Amnesty International condemns the assassination of Lebanese MP
21 September 2007, 10:04AM
Amnesty International condemns in the strongest terms the murder yesterday of Lebanese Member of Parliament Antoine Ghanim in a bomb attack which is reported to have killed at least six other people, and calls for those responsible to be brought to justice.
Antoine Ghanim, 64, was a lawyer by profession and a leading member of Lebanon's Maronite Christian community. He had been a MP since 2000 and represented the Phalange party, another of whose leaders, Pierre Gemayel, was assassinated in November 2006. The Phalange party forms part of the ruling March 14 coalition which came to power as a result of parliamentary elections in 2005 held in the wake of the assassination of former Prime Minister Rafiq Hariri in February 2005. Hariri's killing in a massive car bomb explosion in central Beirut which also killed 22 other people ֖ led to widespread protests against the Syrian government and by the end of May 2005, the withdrawal of Syrian troops from Lebanon, where they had been a dominant force.

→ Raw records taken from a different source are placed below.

Lemma peval_shift e c o env x : c <= length env ->
  peval o (shift c e) (firstn c env ++ x :: skipn c env) = peval o e env.
Proof.
  revert c env; induction e as [i| |e IH|e IH|n IHn b IHb s IHs]; intros c env Hc; cbn [shift].
  - simpl. destruct (Nat.ltb_spec i c); simpl.
    + rewrite app_nth1 by (rewrite length_firstn; lia).
      rewrite nth_firstn. destruct (Nat.ltb_spec i c); [reflexivity|lia].
    + rewrite app_nth2 by (rewrite length_firstn; lia).
      rewrite length_firstn, Nat.min_l by lia.
      replace (S i - c) with (S (i - c)) by lia. simpl. rewrite nth_skipn. f_equal. lia.
  - reflexivity.
  - simpl; rewrite IH; auto.
  - simpl; rewrite IH; auto.
  - rewrite !peval_ERec, IHn, IHb by auto. apply prim_rec_ext. intros i a.
    apply (IHs (S (S c)) (i :: a :: env)). simpl; lia.
Qed.

Lemma peval_shift0 e o env x : peval o (shift 0 e) (x :: env) = peval o e env.
Proof. apply (peval_shift e 0 o env x). lia. Qed.

Lemma peval_shift1 e o y env x :
  peval o (shift 1 e) (y :: x :: env) = peval o e (y :: env).
Proof. apply (peval_shift e 1 o (y :: env) x). simpl; lia. Qed.

Fixpoint ENat n := match n with 0 => EZero | S n => ESucc (ENat n) end.
Definition EPred e := ERec e EZero (EVar 0).
Definition EAdd a b := ERec b a (ESucc (EVar 1)).
Definition ESub a b := ERec b a (EPred (EVar 1)).
Definition EMul a b := ERec b EZero (EAdd (EVar 1) (shift 0 (shift 0 a))).
Definition EPow2 e := ERec e (ENat 1) (EAdd (EVar 1) (EVar 1)).
Definition EOdd e := ERec e EZero (ESub (ENat 1) (EVar 1)).
Definition EDiv2 e := ERec e EZero (EAdd (EVar 1) (EOdd (EVar 0))).

Fixpoint testbit (v j : nat) : bool :=
  match j with 0 => Nat.odd v | S j => testbit (Nat.div2 v) j end.

Definition EBit v j := EOdd (ERec j v (EDiv2 (EVar 1))).

Lemma peval_ENat o n env : peval o (ENat n) env = n.
Proof. induction n; simpl; auto. Qed.

Lemma peval_EPred o e env : peval o (EPred e) env = pred (peval o e env).
Proof. unfold EPred; rewrite peval_ERec. destruct (peval o e env); reflexivity. Qed.

Lemma peval_EAdd o a b env : peval o (EAdd a b) env = peval o a env + peval o b env.
Proof.
  unfold EAdd; rewrite peval_ERec; simpl.
  induction (peval o b env); cbn [prim_rec]; lia.
Qed.

Lemma peval_ESub o a b env : peval o (ESub a b) env = peval o a env - peval o b env.
Proof.
  unfold ESub; rewrite peval_ERec.
  erewrite prim_rec_ext by (intros; rewrite peval_EPred; reflexivity). simpl.
  induction (peval o b env); cbn [prim_rec]; lia.
Qed.

Lemma peval_EMul o a b env : peval o (EMul a b) env = peval o a env * peval o b env.
Proof.
  unfold EMul; rewrite peval_ERec.
  erewrite prim_rec_ext
    by (intros; rewrite peval_EAdd, (peval_shift0 (shift 0 a)), peval_shift0; reflexivity).
  simpl. induction (peval o b env); cbn [prim_rec]; lia.
Qed.

Lemma peval_EPow2 o e env : peval o (EPow2 e) env = 2 ^ peval o e env.
Proof.
  unfold EPow2; rewrite peval_ERec.
  erewrite prim_rec_ext by (intros; rewrite peval_EAdd; reflexivity). simpl.
  induction (peval o e env); cbn [prim_rec Nat.pow]; lia.
Qed.

Lemma peval_EOdd o e env : peval o (EOdd e) env = Nat.b2n (Nat.odd (peval o e env)).
Proof.
  unfold EOdd; rewrite peval_ERec.
  erewrite prim_rec_ext by (intros; rewrite peval_ESub, peval_ENat; reflexivity). simpl.
  induction (peval o e env) as [|m IH]; cbn [prim_rec]; [reflexivity|].
  rewrite IH, Nat.odd_succ, <- Nat.negb_odd. destruct (Nat.odd m); reflexivity.
Qed.

Lemma peval_EDiv2 o e env : peval o (EDiv2 e) env = Nat.div2 (peval o e env).
Proof.
  unfold EDiv2; rewrite peval_ERec.
  erewrite prim_rec_ext by (intros; rewrite peval_EAdd, peval_EOdd; reflexivity). simpl.
  induction (peval o e env) as [|m IH]; cbn [prim_rec]; [reflexivity|]. rewrite IH.
  pose proof (Nat.div2_odd m) as Hm. pose proof (Nat.div2_odd (S m)) as H.
  rewrite Nat.odd_succ, <- Nat.negb_odd in H. destruct (Nat.odd m); simpl in *; lia.
Qed.

Lemma peval_EBit o v j env :
  peval o (EBit v j) env = Nat.b2n (testbit (peval o v env) (peval o j env)).
Proof.
  unfold EBit; rewrite peval_EOdd, peval_ERec.
  erewrite prim_rec_ext by (intros; rewrite peval_EDiv2; reflexivity). simpl.
  generalize (peval o v env); induction (peval o j env) as [|m IH]; intro v'; [reflexivity|].
  cbn [testbit]. rewrite <- IH. do 2 f_equal. clear IH.
  induction m; simpl in *; congruence.
Qed.

Lemma peval_EOra o e env : peval o (EOra e) env = o (peval o e env).
Proof. reflexivity. Qed.
Lemma peval_ESucc o e env : peval o (ESucc e) env = S (peval o e env).
Proof. reflexivity. Qed.
Lemma peval_EVar0 o x env : peval o (EVar 0) (x :: env) = x.
Proof. reflexivity. Qed.
Lemma peval_EVar1 o x y env : peval o (EVar 1) (x :: y :: env) = y.
Proof. reflexivity. Qed.

Ltac peval_simpl :=
  repeat first [ rewrite peval_EAdd | rewrite peval_ESub | rewrite peval_EMul
               | rewrite peval_EPow2 | rewrite peval_ENat | rewrite peval_EBit
               | rewrite peval_EOra | rewrite peval_ESucc | rewrite peval_EVar0
               | rewrite peval_EVar1 | rewrite peval_shift0 ].

Definition holds o e env := peval o e env <> 0.

Definition ENot a := ESub (ENat 1) a.
Definition EAnd a b := EMul a b.
Definition EOr a b := EAdd a b.
Definition EImp a b := EOr (ENot a) b.
Definition EEq a b := ENot (EAdd (ESub a b) (ESub b a)).
Definition EEx n body := ERec n EZero (EOr (EVar 1) (shift 1 body)).
Definition EAll n body := ENot (EEx n (ENot body)).

Lemma holds_ENot o a env : holds o (ENot a) env <-> ~ holds o a env.
Proof. unfold holds, ENot; rewrite peval_ESub, peval_ENat. lia. Qed.
Lemma holds_EAnd o a b env : holds o (EAnd a b) env <-> holds o a env /\ holds o b env.
Proof. unfold holds, EAnd; rewrite peval_EMul, Nat.mul_eq_0. tauto. Qed.
Lemma holds_EOr o a b env : holds o (EOr a b) env <-> holds o a env \/ holds o b env.
Proof. unfold holds, EOr; rewrite peval_EAdd. lia. Qed.
Lemma holds_EImp o a b env : holds o (EImp a b) env <-> (holds o a env -> holds o b env).
Proof. unfold EImp; rewrite holds_EOr, holds_ENot. unfold holds. lia. Qed.
Lemma holds_EEq o a b env : holds o (EEq a b) env <-> peval o a env = peval o b env.
Proof. unfold EEq; rewrite holds_ENot; unfold holds; rewrite peval_EAdd, !peval_ESub. lia. Qed.

Lemma holds_EEx o n body env :
  holds o (EEx n body) env <-> exists i, i < peval o n env /\ holds o body (i :: env).
Proof.
  unfold EEx, holds at 1; rewrite peval_ERec.
  erewrite prim_rec_ext by (intros; unfold EOr; rewrite peval_EAdd, peval_shift1; reflexivity).
  simpl. unfold holds. induction (peval o n env) as [|m IH]; cbn [prim_rec].
  - split; [lia|intros [i [Hi _]]; lia].
  - assert (Hplus : forall a b, a + b <> 0 <-> a <> 0 \/ b <> 0) by lia.
    rewrite Hplus, IH. split.
    + intros [[i [Hi H]]|H]; [exists i|exists m]; split; auto; lia.
    + intros [i [Hi H]]. destruct (Nat.eq_dec i m); [subst; tauto|].
      left; exists i; split; auto; lia.
Qed.

Lemma holds_EAll o n body env :
  holds o (EAll n body) env <-> forall i, i < peval o n env -> holds o body (i :: env).
Proof.
  unfold EAll; rewrite holds_ENot, holds_EEx.
  setoid_rewrite holds_ENot. unfold holds. split.
  - intros H i Hi. intro E. apply H. eauto.
  - intros H [i [Hi Hn]]. exact (Hn (H i Hi)).
Qed.

Fixpoint word_value (w : list bool) : nat :=
  match w with [] => 0 | b :: w => Nat.b2n b + 2 * word_value w end.

Lemma pow2_pos n : 1 <= 2 ^ n.
Proof. induction n; simpl; lia. Qed.

Lemma word_code_value w : word_code w = 2 ^ length w - 1 + word_value w.
Proof.
  induction w as [|b w IH]; simpl; [reflexivity|].
  pose proof (pow2_pos (length w)). rewrite IH. destruct b; simpl; lia.
Qed.

Lemma word_value_lt w : word_value w < 2 ^ length w.
Proof. induction w as [|b w IH]; simpl; [lia|]. destruct b; simpl; lia. Qed.

Lemma word_code_inj_length p q x y : x < 2 ^ p -> y < 2 ^ q ->
  2 ^ p - 1 + x = 2 ^ q - 1 + y -> p = q /\ x = y.
Proof.
  intros Hx Hy E. pose proof (pow2_pos p). pose proof (pow2_pos q).
  destruct (Nat.lt_trichotomy p q) as [Hpq|[->|Hpq]]; [|lia|].
  - pose proof (Nat.pow_le_mono_r 2 (S p) q ltac:(lia) Hpq). simpl in *. lia.
  - pose proof (Nat.pow_le_mono_r 2 (S q) p ltac:(lia) Hpq). simpl in *. lia.
Qed.

Lemma testbit_word_value w j : testbit (word_value w) j = nth j w false.
Proof.
  revert j; induction w as [|b w IH]; intro j.
  - cbn [word_value]. destruct j; [reflexivity|]. cbn [nth].
    induction j; cbn [testbit]; auto.
  - destruct j; cbn [testbit word_value nth].
    + rewrite Nat.odd_add_mul_2. destruct b; reflexivity.
    + rewrite <- IH. f_equal. destruct b; cbn [Nat.b2n].
      * apply Nat.div2_succ_double.
      * apply Nat.div2_double.
Qed.

Lemma word_value_app l b : word_value (l ++ [b]) = word_value l + Nat.b2n b * 2 ^ length l.
Proof. induction l as [|c l IH]; simpl; [destruct b; simpl; lia|]. rewrite IH. lia. Qed.

Lemma prefix_of_S y n : prefix_of y (S n) = prefix_of y n ++ [y n].
Proof. unfold prefix_of. rewrite seq_S, map_app. reflexivity. Qed.

Lemma length_prefix_of y n : length (prefix_of y n) = n.
Proof. unfold prefix_of. rewrite length_map, length_seq. reflexivity. Qed.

A UN Security Council-sponsored criminal investigation was mounted and subsequently the Lebanese government and the UN agreed to the establishment of a special international tribunal which will sit in The Hague and try those accused in connection with the murder of Rafiq Hariri and a number of other attacks and killings of Lebanese politicians and journalists which have occurred since the Hariri assassination.
The killing yesterday of Antoine Ghanim is the latest of such attacks, all of which have targeted politicians and journalists known to be critics or opponents of the Syrian government and of continued Syrian influence in Lebanon. However, the Syrian government has denied responsibility, and is reported yesterday to have condemned Antoine Ghanim's murder as a "criminal act" that could undermine prospects for political reconciliation in Lebanon.
The timing of Antoine Ghanim's assassination certainly appears intended to promote instability and further political division in advance of a crucial parliamentary session which is due to open next week. The main issue before the parliament is the election of a new national president to replace the current incumbent, General Emile Lahoud. By agreement, the new president must come from the Maronite Christian community.